[Records excerpted from a collection]
Segment Open
(* Telescoping [stirling_ratio_shift] from [m] to [2 m] and comparing with the exact
   value of [stirling_ratio (2 m)] given by Wallis' formula. *)
Lemma stirling_bounds (m : nat) : (1 <= m)%nat ->
  exp (- (/ INR m / 4)) <= stirling_ratio m <= stirling_err (/ INR m).
Proof.
  intros Hm. assert (1 <= INR m) by (apply (le_INR 1); lia). pose proof PI_RGT_0.
  destruct (stirling_ratio_shift m m Hm) as [s [Hs Hshift]].
  replace (m + m)%nat with (2 * m)%nat in Hshift by lia.
  replace (/ 2 * (/ INR m - / INR (m + m))) with (/ INR m / 4) in Hs
    by (rewrite plus_INR; field; lra).
  apply Rabs_le_between in Hs.
  rewrite stirling_ratio_double in Hshift by exact Hm.
  pose proof (wallis_bounds m Hm) as W. pose proof (wallis_coef_pos m).
  set (rho := wallis_coef m * sqrt (PI * INR m)) in *.
  assert (Hrho2 : rho ^ 2 = PI * INR m * wallis_coef m ^ 2).
  { unfold rho. rewrite Rpow_mult_distr, pow2_sqrt by nra. ring. }
  assert (Hrho : 0 < rho) by (unfold rho; apply Rmult_lt_0_compat; [| apply sqrt_lt_R0]; nra).
  assert (Hst : 0 < stirling_ratio m) by (apply stirling_ratio_pos; exact Hm).
  assert (Hst_rho : stirling_ratio m * rho = exp s)
    by (apply (Rmult_eq_reg_l (stirling_ratio m)); [rewrite <- Hshift; ring | lra]).
  assert (Hrho1 : rho <= 1) by nra.
  assert (Hrho_inv : / rho <= sqrt (1 + / INR m / 2)).
  { rewrite <- (sqrt_square (/ rho)) by (apply Rlt_le, Rinv_0_lt_compat; lra).
    apply sqrt_le_1_alt.
    replace (/ rho * / rho) with (/ rho ^ 2) by (field; lra).
    replace (1 + / INR m / 2) with (/ (2 * INR m / (2 * INR m + 1))) by (field; lra).
    rewrite Hrho2. apply Rinv_le_contravar; [apply Rdiv_lt_0_compat |]; lra. }
  split.
  - apply Rle_trans with (exp s); [apply exp_le_exp; lra |]. nra.
  - unfold stirling_err.
    replace (stirling_ratio m) with (exp s * / rho) by (rewrite <- Hst_rho; field; lra).
    apply Rmult_le_compat; [apply Rlt_le, exp_pos | apply Rlt_le, Rinv_0_lt_compat; lra | |].
    + apply exp_le_exp; lra.
    + exact Hrho_inv.
Qed.

Lemma inv_stirling_ratio_le (m : nat) : (1 <= m)%nat -> / stirling_ratio m <= exp (/ INR m / 4).
Proof.
  intros Hm. destruct (stirling_bounds m Hm) as [Hlo _].
  rewrite <- (Rinv_inv (exp (/ INR m / 4))), <- exp_Ropp.
  apply Rinv_le_contravar; [apply exp_pos | exact Hlo].
Qed.

Lemma inv_stirling_ratio_ge (m : nat) : (1 <= m)%nat ->
  / stirling_err (/ INR m) <= / stirling_ratio m.
Proof.
  intros Hm. destruct (stirling_bounds m Hm) as [_ Hhi].
  apply Rinv_le_contravar; [apply stirling_ratio_pos | ]; assumption.
Qed.

(** * The binomial distribution *)

Lemma nondecr_on_range (f : nat -> R) (a b : nat) :
  (forall i, (a <= i < b)%nat -> f i <= f (S i)) ->
  forall i j, (a <= i <= j)%nat -> (j <= b)%nat -> f i <= f j.
Proof.
  intros Hf i j [Hai Hij]. induction Hij as [| j Hij IH]; intros Hjb; [lra |].
  apply Rle_trans with (f j); [apply IH; lia | apply Hf; lia].
Qed.

Lemma nonincr_on_range (f : nat -> R) (a b : nat) :
  (forall i, (a <= i < b)%nat -> f (S i) <= f i) ->
  forall i j, (a <= i <= j)%nat -> (j <= b)%nat -> f j <= f i.
Proof.
  intros Hf i j Hij Hjb.
  enough (- f i <= - f j) by lra.
  apply (nondecr_on_range (fun i => - f i) a b); [intros k Hk; specialize (Hf k Hk); lra | lia ..].
Qed.

Lemma sum_f_R0_le_of_nonneg (f : nat -> R) (m n : nat) :
  (forall i, 0 <= f i) -> (m <= n)%nat -> sum_f_R0 f m <= sum_f_R0 f n.
Proof.
  intros Hf Hmn. induction Hmn as [| n Hmn IH]; [lra |]. simpl. pose proof (Hf (S n)). lra.
Qed.

Lemma sum_f_R0_shift_le (f : nat -> R) (m w n : nat) :
  (forall i, 0 <= f i) -> (m + w <= n)%nat ->
  sum_f_R0 (fun i => f (m + i)%nat) w <= sum_f_R0 f n.
Proof.
  intros Hf Hmw. apply Rle_trans with (sum_f_R0 f (m + w)); [| now apply sum_f_R0_le_of_nonneg].
  clear Hmw. induction w as [| w IH]; simpl.
  - rewrite Nat.add_0_r. destruct m as [| m]; simpl; [lra |].
    pose proof (cond_pos_sum f m Hf). lra.
  - replace (m + S w)%nat with (S (m + w)) by lia. simpl. lra.
Qed.

Definition binom_pmf (p : R) (n k : nat) : R := Binomial.C n k * p ^ k * (1 - p) ^ (n - k).

Section BinomialLaw.

Variable p : R.
Hypothesis Hp : 0 < p < 1.

Lemma binom_pmf_nonneg (n k : nat) : 0 <= binom_pmf p n k.
Proof.
  unfold binom_pmf, Binomial.C.
  apply Rmult_le_pos; [apply Rmult_le_pos |]; [| apply pow_le; lra ..].
  apply Rmult_le_pos; [apply pos_INR |]. apply Rlt_le, Rinv_0_lt_compat.
  rewrite <- mult_INR. apply lt_0_INR, Nat.mul_pos_pos; apply lt_O_fact.
Qed.

Lemma binom_pmf_sum (n : nat) : sum_f_R0 (binom_pmf p n) n = 1.
Proof.
  unfold binom_pmf. rewrite <- binomial. replace (p + (1 - p)) with 1 by ring. apply pow1.
Qed.

Lemma binom_pmf_succ (n i : nat) : (i < n)%nat ->
  (INR i + 1) * (1 - p) * binom_pmf p n (S i) = (INR n - INR i) * p * binom_pmf p n i.
Proof.
  intros Hi. unfold binom_pmf. rewrite pascal_step3 by exact Hi.
  rewrite minus_INR, S_INR by lia.
  replace (n - i)%nat with (S (n - S i)) by lia. simpl pow.
  pose proof (pos_INR i). field. lra.
Qed.

Definition binom_mode (n : nat) : nat := Z.to_nat (Int_part (INR (S n) * p)).

Lemma binom_mode_spec (n : nat) :
  INR (binom_mode n) <= INR (S n) * p < INR (binom_mode n) + 1 /\ (binom_mode n <= n)%nat.
Proof.
  pose proof (base_Int_part (INR (S n) * p)) as [Hfloor Hceil].
  assert (0 < INR (S n)) by (apply lt_0_INR; lia).
  assert (Hnonneg : (0 <= Int_part (INR (S n) * p))%Z).
  { enough (Hgt : (-1 < Int_part (INR (S n) * p))%Z) by lia.
    apply lt_IZR. assert (0 <= INR (S n) * p) by nra. lra. }
  assert (Hmode : INR (binom_mode n) = IZR (Int_part (INR (S n) * p))).
  { unfold binom_mode. rewrite INR_IZR_INZ, Z2Nat.id by exact Hnonneg. reflexivity. }
  rewrite Hmode. split; [lra |].
  apply Nat.lt_succ_r, INR_lt. rewrite Hmode. nra.
Qed.

Lemma binom_pmf_incr_below_mode (n i : nat) : (i < binom_mode n)%nat ->
  binom_pmf p n i <= binom_pmf p n (S i).
Proof.
  intros Hi. destruct (binom_mode_spec n) as [[Hlo _] Hmn]. rewrite S_INR in Hlo.
  assert (Hi1 : INR i + 1 <= INR (binom_mode n)) by (rewrite <- S_INR; apply le_INR; lia).
  assert (Hcoef : (INR i + 1) * (1 - p) <= (INR n - INR i) * p) by lra.
  pose proof (pos_INR i).
  apply (Rmult_le_reg_l ((INR i + 1) * (1 - p))); [apply Rmult_lt_0_compat; lra |].
  rewrite binom_pmf_succ by lia. apply Rmult_le_compat_r; [apply binom_pmf_nonneg | exact Hcoef].
Qed.

Lemma binom_pmf_decr_above_mode (n i : nat) : (binom_mode n <= i < n)%nat ->
  binom_pmf p n (S i) <= binom_pmf p n i.
Proof.
  intros Hi. destruct (binom_mode_spec n) as [[_ Hhi] _]. rewrite S_INR in Hhi.
  assert (Hmi : INR (binom_mode n) <= INR i) by (apply le_INR; lia).
  assert (Hin : INR i <= INR n) by (apply le_INR; lia).
  assert (Hcoef : (INR n - INR i) * p <= (INR i + 1) * (1 - p)) by lra.
  pose proof (pos_INR i).
  apply (Rmult_le_reg_l ((INR i + 1) * (1 - p))); [apply Rmult_lt_0_compat; lra |].
  rewrite binom_pmf_succ by lia. apply Rmult_le_compat_r; [apply binom_pmf_nonneg | exact Hcoef].
Qed.

Lemma binom_pmf_le_mode (n k : nat) : (k <= n)%nat ->
  binom_pmf p n k <= binom_pmf p n (binom_mode n).
Proof.
  intros Hk. destruct (binom_mode_spec n) as [_ Hmn].
  destruct (Nat.le_gt_cases k (binom_mode n)).
  - apply (nondecr_on_range _ 0 (binom_mode n)); [| lia ..].
    intros i Hi. apply binom_pmf_incr_below_mode. lia.
  - apply (nonincr_on_range _ (binom_mode n) n); [exact (binom_pmf_decr_above_mode n) | lia ..].
Qed.

Lemma sum_pow_binom_pmf_le_mode (n d : nat) :
  sum_f_R0 (fun k => binom_pmf p n k ^ S d) n <= binom_pmf p n (binom_mode n) ^ d.
Proof.
  rewrite <- (Rmult_1_r (_ ^ d)), <- (binom_pmf_sum n), scal_sum.
  apply sum_Rle. intros k Hk. simpl.
  apply Rmult_le_compat_l; [apply binom_pmf_nonneg |].
  apply pow_incr. split; [apply binom_pmf_nonneg | apply binom_pmf_le_mode; exact Hk].
Qed.

(* Past the mode the pmf decreases, so each of the [w + 1] terms from [m] to [m + w]
   dominates the last one. *)
Lemma sum_pow_binom_pmf_ge_window (n d w : nat) : (binom_mode n + w <= n)%nat ->
  binom_pmf p n (binom_mode n + w) ^ d * INR (S w) <= sum_f_R0 (fun k => binom_pmf p n k ^ d) n.
Proof.
  intros Hw. rewrite <- sum_cte.
  apply Rle_trans with (sum_f_R0 (fun i => binom_pmf p n (binom_mode n + i) ^ d) w).
  - apply sum_Rle. intros i Hi. apply pow_incr. split; [apply binom_pmf_nonneg |].
    apply (nonincr_on_range _ (binom_mode n) n); [apply binom_pmf_decr_above_mode | lia ..].
  - apply (sum_f_R0_shift_le (fun k => binom_pmf p n k ^ d)); [| exact Hw].
    intros k. apply pow_le, binom_pmf_nonneg.
Qed.

End BinomialLaw.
Segment Closed
The required output is the exact run of lines from the beginning of the records to the line with "intros Hm. assert", that line included.

(* Telescoping [stirling_ratio_shift] from [m] to [2 m] and comparing with the exact
   value of [stirling_ratio (2 m)] given by Wallis' formula. *)
Lemma stirling_bounds (m : nat) : (1 <= m)%nat ->
  exp (- (/ INR m / 4)) <= stirling_ratio m <= stirling_err (/ INR m).
Proof.
  intros Hm. assert (1 <= INR m) by (apply (le_INR 1); lia). pose proof PI_RGT_0.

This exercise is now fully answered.